Assignment:
For the data below, please report each line where the word "specialize" is found.
######
Lemma CV_radius_infinite (a : nat -> R) : (forall r, CV_disk a r) -> CV_radius a = p_infty.
Proof.
  intro Ha. destruct (Lub_Rbar_correct (CV_disk a)) as [Hub _]. revert Hub.
  unfold CV_radius. destruct (Lub_Rbar (CV_disk a)) as [l| |]; intro Hub.
  - specialize (Hub (l + 1) (Ha _)). simpl in Hub. lra.
  - reflexivity.
  - destruct (Hub 0 (Ha 0)).
Qed.

Lemma is_series_exp (x : R) : is_series (fun n => x ^ n / INR (fact n)) (exp x).
Proof.
  apply (is_series_ext (fun n => / INR (fact n) * x ^ n)).
  - intro n. apply Rmult_comm.
  - exact (proj1 (is_pseries_R _ _ _) (is_exp_Reals x)).
Qed.

Lemma is_RInt_sum_n (f : nat -> R -> R) (I : nat -> R) (a b : R) (N : nat) :
  (forall k, is_RInt (f k) a b (I k)) ->
  is_RInt (fun t => sum_n (fun k => f k t) N) a b (sum_n I N).
Proof.
  intro HI. induction N as [|N IH].
  - rewrite sum_O. apply (is_RInt_ext (f 0%nat)); [intros; now rewrite sum_O | apply HI].
  - rewrite sum_Sn. apply (is_RInt_ext (fun t => plus (sum_n (fun k => f k t) N) (f (S N) t))).
    + intros. now rewrite sum_Sn.
    + exact (is_RInt_plus _ _ _ _ _ _ IH (HI (S N))).
Qed.

Lemma is_series_RInt_uniform (f : nat -> R -> R) (h : R -> R) (I r : nat -> R) (a b : R) :
  a <= b -> ex_RInt h a b -> (forall k, is_RInt (f k) a b (I k)) ->
  (forall N t, a <= t <= b -> Rabs (h t - sum_n (fun k => f k t) N) <= r N) ->
  is_lim_seq r 0 -> is_series I (RInt h a b).
Proof.
  intros Hab Hh HI Hr Hr0. set (J := RInt h a b).
  assert (Hbound : forall N, Rabs (J - sum_n I N) <= (b - a) * r N).
  { intro N.
    assert (HD := is_RInt_minus _ _ _ _ _ _ (RInt_correct _ _ _ Hh) (is_RInt_sum_n f I a b N HI)).
    rewrite <- (Rabs_pos_eq (b - a)) by lra.
    refine (norm_RInt_le_const_abs _ _ _ _ _ _ HD).
    rewrite Rmin_left, Rmax_right by lra. exact (Hr N). }
  change (is_lim_seq (sum_n I) J).
  assert (Hr0' : is_lim_seq (fun N => (b - a) * r N) 0).
  { replace (Finite 0) with (Rbar_mult (b - a) 0) by (simpl; f_equal; ring).
    exact (is_lim_seq_scal_l _ _ _ Hr0). }
  apply is_lim_seq_le_le with (fun N => J - (b - a) * r N) (fun N => J + (b - a) * r N).
  - intro N. specialize (Hbound N). apply Rabs_le_between in Hbound. lra.
  - replace (Finite J) with (Finite (J - 0)) by (f_equal; ring).
    exact (is_lim_seq_minus' _ _ _ _ (is_lim_seq_const J) Hr0').
  - replace (Finite J) with (Finite (J + 0)) by (f_equal; ring).
    exact (is_lim_seq_plus' _ _ _ _ (is_lim_seq_const J) Hr0').
Qed.

Definition lower_partial_moment (a : nat -> R) (j : nat) : R :=
  sum_n (fun k => (INR j - INR k) * a k) j.

Lemma lower_partial_moment_O (a : nat -> R) : lower_partial_moment a 0 = 0.
Proof. unfold lower_partial_moment. rewrite sum_O. simpl. ring. Qed.

Lemma lower_partial_moment_S (a : nat -> R) (j : nat) :
  lower_partial_moment a (S j) = lower_partial_moment a j + sum_n a j.
Proof.
  unfold lower_partial_moment. rewrite sum_Sn, Rminus_diag, Rmult_0_l.
  rewrite (sum_n_ext _ (fun k => plus ((INR j - INR k) * a k) (a k))).
  - rewrite sum_n_plus. unfold plus; simpl. ring.
  - intro k. rewrite S_INR. unfold plus; simpl. ring.
Qed.

Lemma is_series_abs_moment (a : nat -> R) (s mu : R) (j : nat) :
  is_series a s -> is_series (fun k => INR k * a k) mu ->
  is_series (fun k => Rabs (INR j - INR k) * a k)
    (mu - INR j * s + 2 * lower_partial_moment a j).
Proof.
  intros Ha Hmu.
  apply (is_series_ext_R (fun k => INR k * a k - INR j * a k
           + 2 * (if (k <=? j)%nat then (INR j - INR k) * a k else 0))).
  - intro k. destruct (Nat.leb_spec k j) as [Hkj|Hkj].
    + apply le_INR in Hkj. rewrite Rabs_pos_eq by lra. ring.
    + apply lt_INR in Hkj. rewrite Rabs_left by lra. ring.
  - exact (is_series_plus _ _ _ _ (is_series_minus _ _ _ _ Hmu (is_series_scal_l _ _ _ Ha))
             (is_series_scal_l _ _ _ (is_series_truncated _ j))).
Qed.

Lemma gini_nat_of_lower_partial_moments (a : nat -> R) (mu W : R) :
  is_series a 1 -> is_series (fun k => INR k * a k) mu ->
  is_series (fun j => a j * lower_partial_moment a j) W ->
  gini_nat a = W / mu.
Proof.
  intros Ha Hmu HW.
  assert (Hmad : mean_abs_diff_nat a = 2 * W).
  { unfold mean_abs_diff_nat.
    rewrite (Series_ext _ (fun j => a j * mu - INR j * a j + 2 * (a j * lower_partial_moment a j))).
    - apply is_series_unique.
      replace (2 * W) with (1 * mu - mu + 2 * W) by ring.
      exact (is_series_plus _ _ _ _ (is_series_minus _ _ _ _ (is_series_scal_r _ _ _ Ha) Hmu)
               (is_series_scal_l _ _ _ HW)).
    - intro j. apply is_series_unique.
      replace (a j * mu - INR j * a j + 2 * (a j * lower_partial_moment a j))
        with (a j * (mu - INR j * 1 + 2 * lower_partial_moment a j)) by ring.
      apply (is_series_ext_R (fun k => a j * (Rabs (INR j - INR k) * a k))); [intro k; ring|].
      exact (is_series_scal_l _ _ _ (is_series_abs_moment a 1 mu j Ha Hmu)). }
  unfold gini_nat, mean_nat. rewrite Hmad, (is_series_unique _ _ Hmu).
  replace (/ 2 * (2 * W)) with W by field. reflexivity.
Qed.

Definition poisson_pmf (lam : R) (k : nat) : R := exp (- lam) * lam ^ k / INR (fact k).

Definition poisson_cdf (lam : R) (n : nat) : R := sum_n (poisson_pmf lam) n.

Lemma poisson_pmf_ge0 (lam : R) (k : nat) : 0 <= lam -> 0 <= poisson_pmf lam k.
Proof.
  intro Hl. unfold poisson_pmf, Rdiv.
  apply Rmult_le_pos; [apply Rmult_le_pos; [left; apply exp_pos | now apply pow_le]|].
  left. apply Rinv_0_lt_compat, INR_fact_lt_0.
Qed.

Lemma poisson_pmf_O (lam : R) : poisson_pmf lam 0 = exp (- lam).
Proof. unfold poisson_pmf. simpl. field. Qed.

Lemma poisson_pmf_S (lam : R) (k : nat) :
  INR (S k) * poisson_pmf lam (S k) = lam * poisson_pmf lam k.
Proof.
  unfold poisson_pmf. rewrite fact_simpl, mult_INR. simpl pow.
  field. split; [apply INR_fact_neq_0 | apply not_0_INR; lia].
Qed.

Lemma is_series_poisson_pmf (lam : R) : is_series (poisson_pmf lam) 1.
Proof.
  replace 1 with (exp (- lam) * exp lam) by (rewrite <- exp_plus, Rplus_opp_l; apply exp_0).
  apply (is_series_ext_R (fun k => exp (- lam) * (lam ^ k / INR (fact k)))).
  - intro k. unfold poisson_pmf, Rdiv. ring.
  - exact (is_series_scal_l _ _ _ (is_series_exp lam)).
Qed.

Lemma is_series_poisson_mean (lam : R) :
  is_series (fun k => INR k * poisson_pmf lam k) lam.
Proof.
  apply is_series_decr_1_R. replace (lam - INR 0 * poisson_pmf lam 0) with (lam * 1) by (simpl; ring).
  apply (is_series_ext_R (fun k => lam * poisson_pmf lam k)).
  - intro k. now rewrite poisson_pmf_S.
  - exact (is_series_scal_l _ _ _ (is_series_poisson_pmf lam)).
Qed.

Lemma poisson_cdf_O (lam : R) : poisson_cdf lam 0 = poisson_pmf lam 0.
Proof. apply sum_O. Qed.

Lemma poisson_cdf_S (lam : R) (n : nat) :
  poisson_cdf lam (S n) = poisson_cdf lam n + poisson_pmf lam (S n).
Proof. unfold poisson_cdf. rewrite sum_Sn. reflexivity. Qed.

Lemma poisson_cdf_ge0 (lam : R) (n : nat) : 0 <= lam -> 0 <= poisson_cdf lam n.
Proof.
  intro Hl. induction n as [|n IH].
  - rewrite poisson_cdf_O. now apply poisson_pmf_ge0.
  - rewrite poisson_cdf_S. generalize (poisson_pmf_ge0 lam (S n) Hl). lra.
Qed.

Lemma poisson_cdf_le1 (lam : R) (n : nat) : 0 <= lam -> poisson_cdf lam n <= 1.
Proof.
  intro Hl. apply (is_lim_seq_incr_compare (poisson_cdf lam)); [exact (is_series_poisson_pmf lam)|].
  intro k. rewrite poisson_cdf_S. generalize (poisson_pmf_ge0 lam (S k) Hl). lra.
Qed.

Lemma poisson_pmf_le1 (lam : R) (n : nat) : 0 <= lam -> poisson_pmf lam n <= 1.
Proof.
  intro Hl. destruct n as [|n].
  - rewrite <- poisson_cdf_O. now apply poisson_cdf_le1.
  - generalize (poisson_cdf_le1 lam (S n) Hl) (poisson_cdf_ge0 lam n Hl).
    rewrite poisson_cdf_S. lra.
Qed.

Lemma ex_series_poisson_pmf_mul (lam : R) (w : nat -> R) :
  0 <= lam -> (forall j, 0 <= w j <= 1) -> ex_series (fun j => poisson_pmf lam j * w j).
Proof.
  intros Hl Hw. apply (@ex_series_le R_AbsRing R_CompleteNormedModule _ (poisson_pmf lam)).
  - intro j. destruct (Hw j). generalize (poisson_pmf_ge0 lam j Hl). intro.
    change (Rabs (poisson_pmf lam j * w j) <= poisson_pmf lam j).
    rewrite Rabs_pos_eq by nra. nra.
  - exists 1. apply is_series_poisson_pmf.
Qed.

Definition poisson_le_prob (lam : R) : R :=
  Series (fun j => poisson_pmf lam j * poisson_cdf lam j).

Definition poisson_succ_prob (lam : R) : R :=
  Series (fun j => poisson_pmf lam j * poisson_pmf lam (S j)).

Lemma is_series_poisson_le_prob (lam : R) : 0 <= lam ->
  is_series (fun j => poisson_pmf lam j * poisson_cdf lam j) (poisson_le_prob lam).
Proof.
  intro Hl. apply Series_correct, ex_series_poisson_pmf_mul; [exact Hl|].
  intro j. split; [apply poisson_cdf_ge0 | apply poisson_cdf_le1]; exact Hl.
Qed.

Lemma is_series_poisson_succ_prob (lam : R) : 0 <= lam ->
  is_series (fun j => poisson_pmf lam j * poisson_pmf lam (S j)) (poisson_succ_prob lam).
Proof.
  intro Hl. apply Series_correct, ex_series_poisson_pmf_mul; [exact Hl|].
  intro j. split; [apply poisson_pmf_ge0 | apply poisson_pmf_le1]; exact Hl.
Qed.

Lemma sum_n_poisson_telescope (lam : R) (n : nat) :
  sum_n (fun j => poisson_pmf lam j * (2 * poisson_cdf lam j - poisson_pmf lam j)) n
  = poisson_cdf lam n * poisson_cdf lam n.
Proof.
  induction n as [|n IH].
  - rewrite sum_O, poisson_cdf_O. simpl. ring.
  - rewrite sum_Sn, IH, !poisson_cdf_S. unfold plus; simpl. ring.
Qed.

Lemma is_series_poisson_pmf_sq (lam : R) : 0 <= lam ->
  is_series (fun j => poisson_pmf lam j ^ 2) (2 * poisson_le_prob lam - 1).
Proof.
  intro Hl.
  assert (Htel : is_series (fun j => poisson_pmf lam j * (2 * poisson_cdf lam j - poisson_pmf lam j)) 1).
  { change (is_lim_seq (sum_n (fun j => poisson_pmf lam j * (2 * poisson_cdf lam j - poisson_pmf lam j))) 1).
    apply (is_lim_seq_ext (fun n => poisson_cdf lam n * poisson_cdf lam n)).
    - intro n. symmetry. apply sum_n_poisson_telescope.
    - replace (Finite 1) with (Finite (1 * 1)) by (f_equal; ring).
      exact (is_lim_seq_mult' _ _ _ _ (is_series_poisson_pmf lam) (is_series_poisson_pmf lam)). }
  apply (is_series_ext_R (fun j => 2 * (poisson_pmf lam j * poisson_cdf lam j)
           - poisson_pmf lam j * (2 * poisson_cdf lam j - poisson_pmf lam j))); [intro; ring|].
  exact (is_series_minus _ _ _ _ (is_series_scal_l _ _ _ (is_series_poisson_le_prob lam Hl)) Htel).
Qed.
######
Answer to the problem:
  - specialize (Hub (l + 1) (Ha _)). simpl in Hub. lra.
  - intro N. specialize (Hbound N). apply Rabs_le_between in Hbound. lra.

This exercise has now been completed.